What would be so wrong with Apache HttpClient?

Just make sure you add the dependencies also to classpath, that is HttpComponents.

PostMethod post = new PostMethod("https URL of form action goes here");
NameValuePair[] data = {
  new NameValuePair("first_name", "joe"),
  new NameValuePair("last_name", "Doe")
};
post.setRequestBody(data);

post.addRequestHeader("Referer", "URL of referring web page goes here");

// TODO: execute method and handle any error responses.
...
InputStream inPage = post.getResponseBodyAsStream();
// handle response.
Tarnschaf
Thanks. As mentioned, I could not figure out how to install Apache HttpClient. Hence my post.
Lasoldo Solsifa
+1  A: 

Using HttpClient is certainly the more robust solution, but this can be done without an external library dependency. See here for an example of how.

laz
Thanks for that perspective. I might be willing to trade robustness for simplicity. But this example is so not simple -- 50 lines of code, compared to the few lines required by the python and php scripts. My thought is that a novice shouldn't have to do without an external library because it's too wacky an experience to get it working on his machine. With python, urllib is included, and with php, Snoopy.class just goes in your current directory. Both require a few easy lines of code to submit a form. I call this novice-friendly. Hours later, HttpClient is still not working...
Lasoldo Solsifa
That's pretty much why everyone recommends using HttpClient instead of the core Java libraries. There's some other areas where the core Java libraries (I'm looking at you Calendar) have much better 3rd party replacements. This is certainly one of those areas.
laz
+1  A: 

MercerTraieste and Tarnschaf kindly offered partial solutions to the problem. It took me a few more days, and untold hours of brain-splitting nightmare, before I gave up trying to figure out how to add a referer to the http post, and sent a new question to stackoverflow.

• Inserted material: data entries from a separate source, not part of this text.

(* Let $\mathcal{C}$ be a combinatorial class with generating function $C(x)=\sum_{n\ge0}c_nx^n$, not reduced to its objects of size $0$, with radius of convergence $\rho>0$; let $C^\bullet(x)=xC'(x)$ and fix $x\in(0,\rho)$. Assume that for every $y\in(0,x]$ a Boltzmann sampler $\Gamma_y(\Theta\mathcal{C})$ with parameter $y$ for the pointed class $\Theta\mathcal{C}$ is available. Consider the procedure: draw $U\in[0,1]$ with density $u\mapsto \dfrac{C^\bullet(xu)}{u\,(C(x)-c_0)}$; independently, with probability $c_0/C(x)$ output a uniformly random object of size $0$ of $\mathcal{C}$, and otherwise run $\Gamma_{Ux}(\Theta\mathcal{C})$ and output the underlying object of $\mathcal{C}$ (forgetting the point). Then the output is distributed as a Boltzmann sampler for $\mathcal{C}$ with parameter $x$: each $a\in\mathcal{C}$ is output with probability $x^{|a|}/C(x)$. *)

From Stdlib Require Import Bool Arith Reals Lra List.
Import ListNotations.
Open Scope R_scope.

Definition comb_class {A : Type} (size : A -> nat) (objs : nat -> list A) : Prop :=
  (forall n, NoDup (objs n)) /\ (forall n a, In a (objs n) <-> size a = n).

Definition cnt {A : Type} (objs : nat -> list A) (n : nat) : R :=
  INR (length (objs n)).

Definition series_converges (c : nat -> R) (y : R) : Prop :=
  exists l, infinite_sum (fun n => c n * y ^ n) l.

(** Radius of convergence of sum c_n y^n; [None] encodes +infinity. *)
Definition is_radius (c : nat -> R) (rho : option R) : Prop :=
  match rho with
  | Some r => (forall y, Rabs y < r -> series_converges c y) /\
              (forall y, r < Rabs y -> ~ series_converges c y)
  | None => forall y, series_converges c y
  end.

Definition radius_pos (rho : option R) : Prop :=
  match rho with Some r => 0 < r | None => True end.

Definition lt_radius (x : R) (rho : option R) : Prop :=
  match rho with Some r => x < r | None => True end.

(** [G a i] = probability that the sampler outputs the pointed object (a,i)
    of the pointed class Theta C (i = the pointed atom, 1 <= i <= |a|).
    Boltzmann sampler for Theta C with parameter y, whose generating function
    is C^bullet(y) = y C'(y), given here as the value [Cb]. *)
Definition pointed_boltzmann {A : Type} (size : A -> nat) (Cby y : R)
    (G : A -> nat -> R) : Prop :=
  forall a i, G a i = if andb (Nat.leb 1 i) (Nat.leb i (size a))
                      then y ^ size a / Cby else 0.

Definition forget_point {A : Type} (size : A -> nat) (G : A -> nat -> R) (a : A) : R :=
  fold_right Rplus 0 (map (G a) (seq 1 (size a))).

Definition U_density (Cb : R -> R) (x c0 Cx : R) (u : R) : R :=
  Cb (x * u) / (u * (Cx - c0)).

(** [procedure_prob ... a p]: the procedure outputs [a] with probability [p],
    computed by the law of total probability: size-0 branch with probability
    c0/C(x) (uniform among the c0 objects of size 0), otherwise run
    Gamma_{Ux}(Theta C) with U of density [U_density] and forget the point. *)
Definition procedure_prob {A : Type} (size : A -> nat) (objs : nat -> list A)
    (Cx : R) (Cb : R -> R) (G : R -> A -> nat -> R) (x : R) (a : A) (p : R) : Prop :=
  let c0 := cnt objs 0 in
  if Nat.eqb (size a) 0 then p = (c0 / Cx) * (1 / c0)
  else exists pr : Riemann_integrable
                     (fun u => U_density Cb x c0 Cx u * forget_point size (G (u * x)) a) 0 1,
         p = (1 - c0 / Cx) * RiemannInt pr.

(* Conditionally on U = u, the pointed sampler outputs a given [a] of size
   n > 0 with probability n (ux)^n / C^bullet(ux), one for each of its n
   pointings.  Multiplying by the density of U, the factor C^bullet(ux)
   cancels and what remains is x^n / (C(x) - c_0) times n u^(n-1), whose
   integral over [0,1] is 1.  The branch of probability 1 - c_0/C(x) thus
   yields x^n / C(x), and the size-0 branch gives c_0/C(x) * 1/c_0 = 1/C(x). *)

From Stdlib Require Import Reals List Lra Lia.
Open Scope R_scope.

Lemma partial_sum_le_infinite_sum (t : nat -> R) (l : R) :
  (forall k, 0 <= t k) -> infinite_sum t l -> forall N, sum_f_R0 t N <= l.
Proof.
  intros Ht Hl N. apply growing_ineq; [|exact Hl].
  intro n. simpl. specialize (Ht (S n)). lra.
Qed.

Lemma infinite_sum_ge_two_terms (t : nat -> R) (l : R) (m : nat) :
  (forall k, 0 <= t k) -> infinite_sum t l -> (0 < m)%nat -> t 0%nat + t m <= l.
Proof.
  intros Ht Hl Hm.
  assert (Hfirst : forall k, t 0%nat <= sum_f_R0 t k).
  { induction k as [|k IH]; simpl; [lra|]. specialize (Ht (S k)). lra. }
  assert (Hsum : t 0%nat + t m <= sum_f_R0 t m).
  { destruct m as [|m]; [lia|]. simpl. specialize (Hfirst m). lra. }
  pose proof (partial_sum_le_infinite_sum t l Ht Hl m). lra.
Qed.

Lemma fold_right_Rplus_map_const (f : nat -> R) (v : R) (s n : nat) :
  (forall i, (s <= i < s + n)%nat -> f i = v) ->
  fold_right Rplus 0 (map f (seq s n)) = INR n * v.
Proof.
  revert s. induction n as [|n IH]; intros s Hf; simpl; [lra|].
  rewrite Hf by lia. rewrite IH by (intros i Hi; apply Hf; lia).
  destruct n; simpl; lra.
Qed.

Lemma Riemann_integrable_zero_open (h : R -> R) (a b : R) :
  a <= b -> (forall u, a < u < b -> h u = 0) -> Riemann_integrable h a b.
Proof.
  intros Hab Hh.
  assert (Hstep : IsStepFun h a b).
  { exists (a :: b :: nil), (0 :: nil). repeat split.
    - intros i Hi. simpl in Hi. destruct i; [simpl; lra | lia].
    - simpl. unfold Rmin. destruct (Rle_dec a b); lra.
    - simpl. unfold Rmax. destruct (Rle_dec a b); lra.
    - intros i Hi. simpl in Hi. destruct i; [|lia].
      intros u Hu. unfold open_interval in Hu. simpl in Hu. apply Hh. lra. }
  intro eps. exists (mkStepFun Hstep), (mkStepFun (StepFun_P4 a b 0)). split.
  - intros u _. simpl. unfold fct_cte, Rminus. rewrite Rplus_opp_r, Rabs_R0. lra.
  - rewrite StepFun_P18, Rmult_0_l, Rabs_R0. apply cond_pos.
Qed.

Lemma Riemann_integrable_eq_open (f g : R -> R) (a b : R) :
  a <= b -> (forall u, a < u < b -> f u = g u) ->
  Riemann_integrable g a b -> Riemann_integrable f a b.
Proof.
  intros Hab Hfg Hg.
  assert (Hdiff : Riemann_integrable (fun u => f u - g u) a b).
  { apply Riemann_integrable_zero_open; [exact Hab|]. intros u Hu. rewrite Hfg by exact Hu. ring. }
  refine (@Riemann_integrable_ext (fun u => (f u - g u) + 1 * g u) f a b _
            (RiemannInt_P10 1 Hdiff Hg)).
  intros u _. ring.
Qed.

Lemma RiemannInt_derivative (F f : R -> R) (a b : R) (pr : Riemann_integrable f a b) :
  a <= b -> (forall u, derivable_pt_lim F u (f u)) ->
  (forall u, a <= u <= b -> continuity_pt f u) ->
  RiemannInt pr = F b - F a.
Proof.
  intros Hab HF Hf.
  rewrite (RiemannInt_P20 Hab (FTC_P1 Hab Hf) pr).
  assert (HF' : antiderivative f F a b).
  { split; [|exact Hab]. intros u _. exists (exist _ (f u) (HF u)). reflexivity. }
  destruct (antiderivative_Ucte f _ _ _ _ (RiemannInt_P29 Hab Hf) HF') as [c Hc].
  rewrite (Hc b), (Hc a) by lra. ring.
Qed.

Lemma derivable_pt_lim_scal_pow (K : R) (n : nat) (u : R) :
  derivable_pt_lim (fun v => K * v ^ n) u (K * (INR n * u ^ pred n)).
Proof. apply (derivable_pt_lim_scal (fun v => v ^ n)), derivable_pt_lim_pow. Qed.

Lemma continuity_pt_scal_deriv_pow (K : R) (n : nat) (u : R) :
  continuity_pt (fun v => K * (INR n * v ^ pred n)) u.
Proof.
  apply derivable_continuous_pt.
  exists (K * (INR n * (INR (pred n) * u ^ pred (pred n)))).
  apply (derivable_pt_lim_scal (fun v => INR n * v ^ pred n)).
  apply (derivable_pt_lim_scal (fun v => v ^ pred n)), derivable_pt_lim_pow.
Qed.

Section CountingSeries.

Variables (A : Type) (objs : nat -> list A).

Lemma cnt_nonneg (n : nat) : 0 <= cnt objs n.
Proof. apply pos_INR. Qed.

Lemma cnt_pos_of_In (n : nat) (a : A) : In a (objs n) -> 0 < cnt objs n.
Proof. intro Ha. apply lt_0_INR. destruct (objs n); simpl in *; [contradiction | lia]. Qed.

Hypothesis Hnontriv : exists m, (0 < m)%nat /\ (0 < length (objs m))%nat.

Lemma gf_sub_cnt0_pos (x Cx : R) :
  0 < x -> infinite_sum (fun n => cnt objs n * x ^ n) Cx -> 0 < Cx - cnt objs 0.
Proof.
  intros Hx HCx. destruct Hnontriv as [m [Hm Hlen]].
  assert (Hnn : forall k, 0 <= cnt objs k * x ^ k).
  { intro k. apply Rmult_le_pos; [apply cnt_nonneg | apply pow_le; lra]. }
  pose proof (infinite_sum_ge_two_terms _ _ m Hnn HCx Hm) as Hle. simpl in Hle.
  assert (0 < cnt objs m * x ^ m) by (apply Rmult_lt_0_compat; [apply lt_0_INR, Hlen | apply pow_lt, Hx]).
  lra.
Qed.

Lemma pointed_gf_pos (y Cby : R) :
  0 < y -> infinite_sum (fun n => INR n * cnt objs n * y ^ n) Cby -> 0 < Cby.
Proof.
  intros Hy HCb. destruct Hnontriv as [m [Hm Hlen]].
  assert (Hnn : forall k, 0 <= INR k * cnt objs k * y ^ k).
  { intro k. apply Rmult_le_pos; [apply Rmult_le_pos; [apply pos_INR | apply cnt_nonneg] | apply pow_le; lra]. }
  pose proof (infinite_sum_ge_two_terms _ _ m Hnn HCb Hm) as Hle. simpl in Hle.
  assert (0 < INR m * cnt objs m * y ^ m).
  { apply Rmult_lt_0_compat; [apply Rmult_lt_0_compat; [apply lt_0_INR, Hm | apply lt_0_INR, Hlen] | apply pow_lt, Hy]. }
  lra.
Qed.

End CountingSeries.

Lemma forget_point_boltzmann (A : Type) (size : A -> nat) (Cby y : R) (Gy : A -> nat -> R) (a : A) :
  pointed_boltzmann size Cby y Gy ->
  forget_point size Gy a = INR (size a) * (y ^ size a / Cby).
Proof.
  intro HG. apply fold_right_Rplus_map_const. intros i Hi.
  rewrite HG. replace (Nat.leb 1 i && Nat.leb i (size a))%bool with true; [reflexivity|].
  symmetry. apply andb_true_intro. split; apply Nat.leb_le; lia.
Qed.

Lemma procedure_integrand_eq (A : Type) (size : A -> nat) (a : A) (Cb : R -> R)
    (G : R -> A -> nat -> R) (x c0 Cx u : R) :
  (0 < size a)%nat -> 0 < x -> 0 < u -> c0 < Cx -> 0 < Cb (u * x) ->
  pointed_boltzmann size (Cb (u * x)) (u * x) (G (u * x)) ->
  U_density Cb x c0 Cx u * forget_point size (G (u * x)) a
  = x ^ size a / (Cx - c0) * (INR (size a) * u ^ pred (size a)).
Proof.
  intros Hn Hx Hu Hc HCb HG.
  rewrite (forget_point_boltzmann _ _ _ _ _ _ HG). unfold U_density.
  assert (Hpow : u ^ size a = u * u ^ pred (size a)).
  { destruct (size a); [lia | reflexivity]. }
  rewrite (Rmult_comm x u), Rpow_mult_distr, Hpow. field. lra.
Qed.

Theorem mainTheorem7 (A : Type) (size : A -> nat) (objs : nat -> list A)
  (Hclass : comb_class size objs)
  (Hnontriv : exists n, (0 < n)%nat /\ (0 < length (objs n))%nat)
  (rho : option R) (Hrad : is_radius (cnt objs) rho) (Hrho : radius_pos rho)
  (x : R) (Hx0 : 0 < x) (Hxrho : lt_radius x rho)
  (Cx : R) (HCx : infinite_sum (fun n => cnt objs n * x ^ n) Cx)
  (Cb : R -> R)
  (HCb : forall y, 0 < y <= x ->
         infinite_sum (fun n => INR n * cnt objs n * y ^ n) (Cb y))
  (G : R -> A -> nat -> R)
  (HG : forall y, 0 < y <= x -> pointed_boltzmann size (Cb y) y (G y)) :
  forall a : A, procedure_prob size objs Cx Cb G x a (x ^ size a / Cx).
Proof.
  intro a. unfold procedure_prob; cbv zeta.
  set (c0 := cnt objs 0). set (n := size a).
  assert (Hc0 : 0 <= c0) by apply cnt_nonneg.
  assert (HCx0 : 0 < Cx - c0) by exact (gf_sub_cnt0_pos _ _ Hnontriv _ _ Hx0 HCx).
  destruct (Nat.eqb_spec n 0) as [Hn | Hn].
  - assert (Hc0pos : 0 < c0).
    { apply (cnt_pos_of_In _ _ _ a). apply (proj2 Hclass). exact Hn. }
    rewrite Hn. simpl. field. lra.
  - set (K := x ^ n / (Cx - c0)).
    set (g := fun u => K * (INR n * u ^ pred n)).
    set (f := fun u => U_density Cb x c0 Cx u * forget_point size (G (u * x)) a).
    assert (Hfg : forall u, 0 < u < 1 -> f u = g u).
    { intros u Hu.
      assert (Hux : 0 < u * x <= x) by (split; nra).
      apply procedure_integrand_eq; try lia; try lra; [|apply HG, Hux].
      exact (pointed_gf_pos _ _ Hnontriv _ _ (proj1 Hux) (HCb _ Hux)). }
    assert (Hgi : Riemann_integrable g 0 1).
    { apply continuity_implies_RiemannInt; [lra|]. intros u _. apply continuity_pt_scal_deriv_pow. }
    pose proof (Riemann_integrable_eq_open f g 0 1 ltac:(lra) Hfg Hgi) as Hfi.
    exists Hfi.
    rewrite (RiemannInt_P18 Hfi Hgi ltac:(lra) Hfg).
    rewrite (RiemannInt_derivative (fun v => K * v ^ n)) by
      (lra || (intros; apply derivable_pt_lim_scal_pow) || (intros; apply continuity_pt_scal_deriv_pow)).
    rewrite pow1, pow_i by lia. unfold K. field. lra.
Qed.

Jon Skeet answered instantly that I only needed...

httppost.addHeader("Referer", referer);

...which makes me look pretty dumb. How did I overlook that one?

Here is the resulting code, based almost entirely on MercerTraieste's suggestion. In my case, I needed to download, and place in my classpath:

HttpComponents

  • httpclient-4.0-beta2.jar
  • httpcore-4.0.1.jar

Apache Commons

  • commons-logging-1.1.1.jar


import org.apache.http.Header;
import org.apache.http.HeaderElement;
import org.apache.http.HttpRequestInterceptor;
import org.apache.http.HttpRequest;
import org.apache.http.HttpException;
import org.apache.http.NameValuePair;
import org.apache.http.HttpResponse;
import org.apache.http.HttpEntity;
import org.apache.http.client.entity.UrlEncodedFormEntity;
import org.apache.http.client.methods.HttpPost;
import org.apache.http.client.HttpClient;
import org.apache.http.protocol.HttpContext;
import org.apache.http.message.BasicNameValuePair;
import org.apache.http.impl.client.DefaultHttpClient;

import java.util.ArrayList;
import java.util.List;
import java.io.OutputStream;
import java.io.ByteArrayOutputStream;
import java.io.IOException;

public class HttpClientTest
{
    public static void main(String[] args) throws Exception
    {
        // initialize some variables
        String referer = "URL of referring web page goes here";
        String submitUrl = "https URL of form action goes here";
        List<NameValuePair> formparams = new ArrayList<NameValuePair>();
        formparams.add(new BasicNameValuePair("firstName", "John"));
        formparams.add(new BasicNameValuePair("lastName", "Doe"));

        // set up httppost
        UrlEncodedFormEntity entity = new UrlEncodedFormEntity(formparams, "UTF-8");
        HttpPost httppost = new HttpPost(submitUrl);
        httppost.setEntity(entity);

        // add referer
        httppost.addHeader("Referer", referer);

        // create httpclient
        DefaultHttpClient httpclient = new DefaultHttpClient();

        // execute the request
        HttpResponse response = httpclient.execute(httppost);

        // display the response body
        HttpEntity responseEntity = response.getEntity();
        OutputStream out = new ByteArrayOutputStream();
        responseEntity.writeTo(out);
        System.out.println(out);
    }
}
Lasoldo Solsifa